**YOUR INSTRUCTIONS:**
For the string "Import", find every matching line in the records and copy it.

(Saved entries)
┄┄┄┄┄┄

(* Let $a=\log_2 3$. For integers $K\ge 1$ and $1\le\ell\le K$ define $g_K(\ell)=\max(0,\,a-K/\ell)$, let $S^+(K)=\{1\le\ell\le K: g_K(\ell)>0\}$, and define $\Theta_K=\max_{\ell\in S^+(K)}g_K(\ell)\,/\,\min_{\ell\in S^+(K)}g_K(\ell)$. Then: (1) $\max_{S^+(K)}g_K=a-1$, attained at $\ell=K$, and $\min_{S^+(K)}g_K=a-K/\ell_*(K)$ with $\ell_*(K)=\lfloor K/a\rfloor+1$. (2) Writing $K/a=\lfloor K/a\rfloor+r_K$ with $r_K\in(0,1)$, $$\Theta_K=\frac{a-1}{a}\cdot\frac{\lfloor K/a\rfloor+1}{1-r_K}.$$ (3) The sequence $(\Theta_K)$ is unbounded; along the numerators of the even-indexed convergents of the continued fraction of $\log_2 3$, $K\in\{3,19,84,1054,50508,176251,\ldots\}$, one has $r_K\to 1^-$ and $\Theta_K\to\infty$. *)

From Stdlib Require Import Reals Lra Lia ZArith Arith List.
From Stdlib Require Export RList.
Open Scope R_scope.

Definition a : R := ln 3 / ln 2.

Definition g (K l : nat) : R := Rmax 0 (a - INR K / INR l).

Definition Splus (K : nat) : list nat :=
  filter (fun l => if Rlt_dec 0 (g K l) then true else false) (seq 1 K).

Definition gmax (K : nat) : R := MaxRlist (map (g K) (Splus K)).
Definition gmin (K : nat) : R := MinRlist (map (g K) (Splus K)).

Definition Theta (K : nat) : R := gmax K / gmin K.

Definition flr (K : nat) : Z := Int_part (INR K / a).
Definition rK (K : nat) : R := frac_part (INR K / a).

Definition lstar (K : nat) : nat := (Z.to_nat (flr K) + 1)%nat.

(* Regular continued fraction of a: complete quotients x_0 = a,
   x_{n+1} = 1/(x_n - floor x_n); partial quotients a_n = floor x_n. *)
Fixpoint cf_rem (n : nat) : R :=
  match n with
  | O => a
  | S m => / (cf_rem m - IZR (Int_part (cf_rem m)))
  end.
Definition cf_quot (n : nat) : Z := Int_part (cf_rem n).

(* (p_n, p_{n-1}) with p_{-1} = 1, p_{-2} = 0, p_n = a_n p_{n-1} + p_{n-2} *)
Fixpoint cf_num_pair (n : nat) : Z * Z :=
  match n with
  | O => (cf_quot 0, 1%Z)
  | S m => let (x, y) := cf_num_pair m in ((cf_quot (S m) * x + y)%Z, x)
  end.
Definition cf_num (n : nat) : Z := fst (cf_num_pair n).

(* Since 3^q is odd and 2^p even, a = log_2 3 is irrational, so K/a is never an integer.
   On 1 <= l <= K, g_K(l) = a - K/l is positive exactly when l > K/a, i.e. on the
   interval floor(K/a) + 1 <= l <= K, and it increases with l there; this gives the
   extremes of g_K and the closed form of Theta_K, which is at least (a - 1) K / a^2.
   For the even convergents p_n/q_n of a one has 0 < a q_n - p_n < 1/q_n, hence for
   K = p_n the quotient K/a lies just below the integer q_n and r_K = 1 - (a q_n - p_n)/a. *)

From Stdlib Require Import Reals ZArith Arith List Lra Lia.
Open Scope R_scope.

Lemma a_gt_1 : 1 < a.
Proof.
  assert (H2 : 0 < ln 2) by (pose proof ln_lt_2; lra).
  assert (H3 : ln 2 < ln 3) by (apply ln_increasing; lra).
  unfold a; apply (Rmult_lt_reg_r (ln 2)); [lra|].
  unfold Rdiv; rewrite Rmult_assoc, Rinv_l; lra.
Qed.

Lemma pow3_neq_pow2 (p q : nat) : p <> 0%nat -> (3 ^ q <> 2 ^ p)%nat.
Proof.
  intros Hp E; apply (f_equal Nat.even) in E.
  rewrite (Nat.even_pow 2) in E by exact Hp.
  destruct q as [|q]; [discriminate|].
  rewrite Nat.even_pow in E by discriminate; discriminate.
Qed.

Definition irrational (x : R) : Prop :=
  forall p q : Z, q <> 0%Z -> x * IZR q <> IZR p.

Lemma irrational_neq_0 x : irrational x -> x <> 0.
Proof. intros Hx E; apply (Hx 0%Z 1%Z); [discriminate | rewrite E; ring]. Qed.

Lemma irrational_minus_IZR x c : irrational x -> irrational (x - IZR c).
Proof.
  intros Hx p q Hq E; apply (Hx (p + c * q)%Z q Hq).
  rewrite plus_IZR, mult_IZR, <- E; ring.
Qed.

Lemma irrational_inv x : irrational x -> irrational (/ x).
Proof.
  intros Hx p q Hq E; pose proof (irrational_neq_0 x Hx) as Hx0.
  destruct (Z.eq_dec p 0) as [->|Hp].
  - apply Rmult_integral in E as [E|E].
    + exact (Rinv_neq_0_compat x Hx0 E).
    + exact (Hq (eq_IZR_R0 q E)).
  - apply (Hx q p Hp); rewrite <- E; field; exact Hx0.
Qed.

Lemma a_mul_nat_neq_nat (p q : nat) : (0 < q)%nat -> a * INR q <> INR p.
Proof.
  intros Hq E; pose proof a_gt_1.
  assert (0 < INR q) by (apply lt_0_INR; exact Hq).
  assert (Hp : p <> 0%nat) by (intros ->; simpl in E; nra).
  apply (pow3_neq_pow2 p q Hp), INR_eq.
  rewrite !pow_INR; replace (INR 3) with 3 by (simpl; ring).
  replace (INR 2) with 2 by (simpl; ring).
  assert (H2 : 0 < ln 2) by (pose proof ln_lt_2; lra).
  apply ln_inv; try (apply pow_lt; lra).
  rewrite !ln_pow by lra.
  unfold a in E; apply (Rmult_eq_reg_r (/ ln 2)); [|apply Rinv_neq_0_compat; lra].
  rewrite <- E; field; lra.
Qed.

Lemma irrational_a : irrational a.
Proof.
  assert (Hpos : forall p q : Z, (0 < q)%Z -> a * IZR q <> IZR p).
  { intros p q Hq E; pose proof a_gt_1.
    assert (0 < IZR q) by (apply IZR_lt; exact Hq).
    assert (Hp : (0 < p)%Z) by (apply lt_IZR; rewrite <- E; apply Rmult_lt_0_compat; lra).
    rewrite <- (Z2Nat.id q), <- (Z2Nat.id p), <- !INR_IZR_INZ in E by lia.
    revert E; apply a_mul_nat_neq_nat; lia. }
  intros p q Hq E; destruct (Z_lt_le_dec 0 q) as [Hl|Hl].
  - exact (Hpos p q Hl E).
  - apply (Hpos (- p)%Z (- q)%Z); [lia|]; rewrite !opp_IZR, <- E; ring.
Qed.

Lemma irrational_cf_rem n : irrational (cf_rem n).
Proof.
  induction n as [|n IH]; [exact irrational_a|].
  exact (irrational_inv _ (irrational_minus_IZR _ _ IH)).
Qed.

Lemma cf_frac_bounds n : 0 < cf_rem n - IZR (cf_quot n) < 1.
Proof.
  pose proof (base_Int_part (cf_rem n)) as [H1 H2].
  pose proof (irrational_neq_0 _ (irrational_minus_IZR _ (cf_quot n) (irrational_cf_rem n))).
  unfold cf_quot in *; lra.
Qed.

Lemma cf_rem_gt_1 n : 1 < cf_rem (S n).
Proof.
  pose proof (cf_frac_bounds n) as [H0 H1].
  change (cf_rem (S n)) with (/ (cf_rem n - IZR (cf_quot n))).
  rewrite <- Rinv_1; apply Rinv_lt_contravar; nra.
Qed.

Lemma cf_quot_ge_1 n : 1 <= IZR (cf_quot (S n)).
Proof.
  pose proof (cf_rem_gt_1 n); pose proof (base_Int_part (cf_rem (S n))) as [H1 H2].
  apply IZR_le; cut (0 < cf_quot (S n))%Z; [lia|].
  apply lt_IZR; unfold cf_quot; lra.
Qed.

Fixpoint cf_den_pair (n : nat) : Z * Z :=
  match n with
  | O => (1%Z, 0%Z)
  | S m => let (x, y) := cf_den_pair m in ((cf_quot (S m) * x + y)%Z, x)
  end.

Definition num (n : nat) : R := IZR (cf_num n).
Definition num_prev (n : nat) : R := IZR (snd (cf_num_pair n)).
Definition den (n : nat) : R := IZR (fst (cf_den_pair n)).
Definition den_prev (n : nat) : R := IZR (snd (cf_den_pair n)).

Lemma num_S n : num (S n) = IZR (cf_quot (S n)) * num n + num_prev n.
Proof.
  unfold num, num_prev, cf_num; simpl.
  destruct (cf_num_pair n); simpl; rewrite plus_IZR, mult_IZR; reflexivity.
Qed.

Lemma num_prev_S n : num_prev (S n) = num n.
Proof. unfold num, num_prev, cf_num; simpl; destruct (cf_num_pair n); reflexivity. Qed.

Lemma den_S n : den (S n) = IZR (cf_quot (S n)) * den n + den_prev n.
Proof.
  unfold den, den_prev; simpl.
  destruct (cf_den_pair n); simpl; rewrite plus_IZR, mult_IZR; reflexivity.
Qed.

Lemma den_prev_S n : den_prev (S n) = den n.
Proof. unfold den, den_prev; simpl; destruct (cf_den_pair n); reflexivity. Qed.

Lemma a_eq_convergent_quotient n :
  a * (den n * cf_rem (S n) + den_prev n) = num n * cf_rem (S n) + num_prev n.
Proof.
  induction n as [|n IH].
  - pose proof (cf_frac_bounds 0).
    unfold num, num_prev, den, den_prev, cf_num; simpl.
    unfold cf_quot in *; simpl in *.
    field; lra.
  - pose proof (cf_frac_bounds (S n)).
    rewrite num_S, num_prev_S, den_S, den_prev_S.
    change (cf_rem (S (S n))) with (/ (cf_rem (S n) - IZR (cf_quot (S n)))).
    set (x := cf_rem (S n)) in *; set (c := IZR (cf_quot (S n))) in *.
    replace (a * ((c * den n + den_prev n) * / (x - c) + den n))
      with (a * (den n * x + den_prev n) / (x - c)) by (field; lra).
    rewrite IH; field; lra.
Qed.

Lemma convergent_det n : num n * den_prev n - num_prev n * den n = (-1) ^ S n.
Proof.
  induction n as [|n IH].
  - unfold num, num_prev, den, den_prev; simpl; ring.
  - rewrite num_S, num_prev_S, den_S, den_prev_S.
    change ((-1) ^ S (S n)) with (-1 * (-1) ^ S n); rewrite <- IH; ring.
Qed.

Lemma convergent_error n :
  (a * den n - num n) * (den n * cf_rem (S n) + den_prev n) = (-1) ^ n.
Proof.
  transitivity (den n * (a * (den n * cf_rem (S n) + den_prev n))
                - num n * (den n * cf_rem (S n) + den_prev n)); [ring|].
  rewrite a_eq_convergent_quotient.
  transitivity (- (num n * den_prev n - num_prev n * den n)); [ring|].
  rewrite convergent_det; simpl; ring.
Qed.

Lemma den_growth n : 1 <= den n /\ 0 <= den_prev n /\ INR n + 1 <= den n + den_prev n.
Proof.
  induction n as [|n IH].
  - unfold den, den_prev; simpl; lra.
  - rewrite den_S, den_prev_S, S_INR; pose proof (cf_quot_ge_1 n); nra.
Qed.

Lemma den_ge n : INR n <= den n.
Proof.
  destruct n as [|n]; [pose proof (den_growth 0); simpl; lra|].
  rewrite den_S, S_INR; pose proof (cf_quot_ge_1 n); pose proof (den_growth n); nra.
Qed.

Lemma even_convergent_error n :
  Nat.Even n -> 0 < a * den n - num n /\ (a * den n - num n) * den n < 1.
Proof.
  intros [k ->]; pose proof (convergent_error (2 * k)) as E.
  rewrite pow_1_even in E.
  set (e := a * den (2 * k) - num (2 * k)) in *.
  set (D := den (2 * k) * cf_rem (S (2 * k)) + den_prev (2 * k)) in *.
  assert (HD : den (2 * k) < D).
  { pose proof (cf_rem_gt_1 (2 * k)); pose proof (den_growth (2 * k)); unfold D; nra. }
  assert (He : 0 < e) by (pose proof (den_growth (2 * k)); nra).
  split; [exact He | nra].
Qed.

Lemma even_num_gt n : Nat.Even n -> 0 < num n /\ INR n - 1 < num n.
Proof.
  intros Hn; pose proof (even_convergent_error n Hn) as [He0 He1].
  pose proof (den_growth n) as [Hq _]; pose proof (den_ge n); pose proof a_gt_1.
  assert (a * den n - num n < 1) by nra.
  split; nra.
Qed.

Lemma INR_to_nat_cf_num n : 0 < num n -> INR (Z.to_nat (cf_num n)) = num n.
Proof.
  intros Hp; apply lt_IZR in Hp.
  rewrite INR_IZR_INZ, Z2Nat.id by lia; reflexivity.
Qed.

Lemma even_convergent_rK n :
  Nat.Even n -> rK (Z.to_nat (cf_num n)) = 1 - (a * den n - num n) / a.
Proof.
  intros Hn; pose proof (even_convergent_error n Hn) as [He0 He1].
  pose proof (den_growth n) as [Hq _]; pose proof a_gt_1.
  assert (Hea : 0 < (a * den n - num n) / a < 1).
  { split; [apply Rdiv_lt_0_compat; lra|].
    apply (Rmult_lt_reg_r a); [lra|]; unfold Rdiv; rewrite Rmult_assoc, Rinv_l; nra. }
  (* K/a = (q_n - 1) + (1 - (a q_n - p_n)/a) with the second summand in (0, 1). *)
  unfold rK; rewrite INR_to_nat_cf_num by (apply (even_num_gt n Hn)).
  symmetry; apply (Int_part_frac_part_spec _ (fst (cf_den_pair n) - 1)%Z); [lra|].
  rewrite minus_IZR; fold (den n); field; lra.
Qed.

Lemma MaxRlist_eq (l : list R) (y : R) :
  In y l -> (forall z, In z l -> z <= y) -> MaxRlist l = y.
Proof.
  intros Hy Hle; apply Rle_antisym; [|exact (MaxRlist_P1 l y Hy)].
  apply Hle, MaxRlist_P2; exists y; exact Hy.
Qed.

Lemma MinRlist_In (l : list R) : l <> nil -> In (MinRlist l) l.
Proof.
  induction l as [|x [|y l] IH]; intros Hl; [congruence | left; reflexivity|].
  change (MinRlist (x :: y :: l)) with (Rmin x (MinRlist (y :: l))).
  unfold Rmin; destruct (Rle_dec x (MinRlist (y :: l))); [left; reflexivity|].
  right; apply IH; discriminate.
Qed.

Lemma MinRlist_eq (l : list R) (y : R) :
  In y l -> (forall z, In z l -> y <= z) -> MinRlist l = y.
Proof.
  intros Hy Hle; apply Rle_antisym; [exact (MinRlist_P1 l y Hy)|].
  apply Hle, MinRlist_In; intros ->; exact Hy.
Qed.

┄┄┄┄┄┄

**YOUR SOLUTION:**
From Stdlib Require Import Reals Lra Lia ZArith Arith List.
From Stdlib Require Import Reals ZArith Arith List Lra Lia.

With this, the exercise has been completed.